This repository provides a Snakemake workflow that converts AnchorWave MAFs into per-contig merged gVCFs, splits them into clean/filtered/invariant sets, and produces mask bedfiles for downstream ARG inference (see logic.md for details). Written with the assistance of Codex.

Requirements

  • Conda (you may need to module load conda on your cluster)
  • TASSEL (provided via the tassel-5-standalone submodule)
  • GATK, Picard, htslib (installed in the conda env defined below)

Setup

Clone with submodules so TASSEL is available:

git clone --recurse-submodules <repo>

Create and activate the environment (do this before running Snakemake):

module load conda
conda env create -f argprep.yml
conda activate argprep

Configure

Edit config.yaml to point at your MAF directory and reference FASTA. At minimum you must set:

  • maf_dir: directory containing *.maf or *.maf.gz
  • reference_fasta: reference FASTA path (plain .fa/.fasta or bgzipped .fa.gz)

If your reference FASTA does not have an index (.fai), either create one (samtools faidx) or set contigs: explicitly in config.yaml.

Run

The pipeline can be run one of two ways, both from the repo root. It is recommended you first run on the example data provided to ensure the pipeline works on your system.

On Slurm

A default SLURM profile is provided under profiles/slurm/. Edit profiles/slurm/config.yaml to customize sbatch options if needed. Defaults for account/partition and baseline resources are set in config.yaml (slurm_account, slurm_partition, default_mem_mb, default_time, and default_threads). You will need to change these to match your own SLURM setup. SLURM stdout/stderr logs are written to logs/slurm/ by default. The provided profile sets jobs: 200 (Snakemake's max concurrent workflow jobs, equivalent to -j 200), which you can override on the command line if needed.

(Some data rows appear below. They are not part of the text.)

(* While the last run of ones still has a debt D, the next D bits are forced
   to be ones: each contributes nothing to [smaller] but is counted by
   [weight]. [pending] is that advance. *)
Definition pending (x : nat) (R : seq bool) (n : nat) : nat :=
  if head false R then \sum_(n - debt x R <= i < n) halfN x (i.+1 - x) else 0.

Lemma smaller_pending x c R : 0 < x -> R != [::] -> avoids x (rev R ++ c) ->
  smaller x R c + pending x R (size c) = weight x c.
Proof.
move=> x_gt0; elim: c R => [|b c IH] [|a s] // _ ok_Rc.
  by rewrite /pending /=; case: ifP; rewrite ?big_geq.
have ok_c : avoids x (rev (b :: a :: s) ++ c) by rewrite rev_cons cat_rcons.
have /andP [ok_R ok_b] : avoids x (rev (a :: s)) && can_follow x (a :: s) b.
  by rewrite -avoids_rev_cons (avoids_catl _ _ _ ok_c).
rewrite smaller_cons /= -(IH (b :: a :: s)) // {IH ok_c ok_Rc}.
move: ok_b; rewrite /can_follow /pending /=.
case: a ok_R => ok_R; case: b => //=.
- rewrite debt_repeat; case: (posnP (debt x (true :: s))) => [no_debt | in_debt] _.
    rewrite completions_valid ?(avoids_switch x true) ?no_debt // (debt_switch x true).
    by rewrite !big_geq //; lia.
  rewrite completions_invalid ?(avoids_switch x true) ?(gtn_eqF in_debt) //.
  rewrite big_nat_recr /=; last by lia.
  rewrite (_ : (size c).+1 - debt x (true :: s) = size c - (debt x (true :: s)).-1); last by lia.
  by rewrite add0n [RHS]addnCA [halfN x _ + _]addnC.
- by move/eqP => ->; rewrite big_geq.
- move/eqP => no_debt.
  rewrite completions_valid //; last by rewrite avoids_rev_cons ok_R.
  rewrite debt_repeat no_debt subn0 (debt_switch x false) (halfN_telescope _ _ x_gt0).
  by rewrite addn0 -addnA [X in _ + X]addnC.
Qed.

Lemma lex_index_false m x c : 0 < x -> size c = m -> avoids x (false :: c) ->
  lex_index m.+1 x (false :: c) = weight x c.
Proof.
move=> x_gt0 <- ok_c; rewrite lex_index_smaller // smaller_cons add0n.
by rewrite -(smaller_pending x c [:: false]) //= addn0.
Qed.

Lemma perm_loco_code_negb m x : perm_eq (loco_code m x) (map (map negb) (loco_code m x)).
Proof.
have negbsK : involutive (map negb) := mapK negbK.
apply: uniq_perm; rewrite ?(map_inj_uniq (inv_inj negbsK)) ?uniq_loco_code //.
move=> w; rewrite -{2}(negbsK w) mem_map; last exact: inv_inj.
by rewrite !mem_loco_code size_map avoids_negb.
Qed.

Lemma count_ltn_eqn_gtn (T : Type) (f : T -> nat) k s :
  count (fun d => f d < k) s + count (fun d => f d == k) s + count (fun d => k < f d) s = size s.
Proof. by elim: s => //= d s <-; case: ltngtP; lia. Qed.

snakemake --profile profiles/slurm

Locally

snakemake -j 8 

Common options:

  • -j <N>: number of parallel Snakemake jobs (not per-job threads/CPUs)
  • --rerun-incomplete: clean up partial outputs
  • --printshellcmds: show executed commands
  • --notemp: keep temporary intermediates (see Notes)

Workflow Outputs

By default the workflow uses these locations (override in config.yaml):

  • gvcf/ : TASSEL gVCFs (*.gvcf.gz) from MAFs
  • gvcf/cleangVCF/ : cleaned gVCFs from scripts/dropSV.py
  • gvcf/cleangVCF/dropped_indels.bed : bedfile of large indels
  • gvcf/cleangVCF/split_gvcf/ : per-contig gVCFs for merging
  • results/combined/combined.<contig>.gvcf.gz : merged gVCF per contig
  • results/split/combined.<contig>.inv : invariant sites
  • results/split/combined.<contig>.filtered : filtered sites
  • results/split/combined.<contig>.clean.vcf.gz : clean sites (bgzip-compressed by default)
  • results/split/combined.<contig>.missing.bed : missing positions
  • results/split/combined.<contig>.clean.mask.bed : merged mask bed
  • results/split/combined.<contig>.coverage.txt : split coverage validation summary
  • results/split/combined.<contig>.accessible.npz : boolean accessibility array (union of clean + invariant sites), for scikit-allel statistics
  • results/summary.html : HTML summary of jobs run, outputs created, and warnings
    • Contig remaps (e.g., configured chr1 remapped to reference contig 1) are reported under the remap warning and are not repeated in the generic MAF-vs-reference mismatch warnings.

Testing

Run from the repo root:

pytest -q
  • Runs unit/fast tests by default.
  • Some integration tests are gated and skipped unless enabled.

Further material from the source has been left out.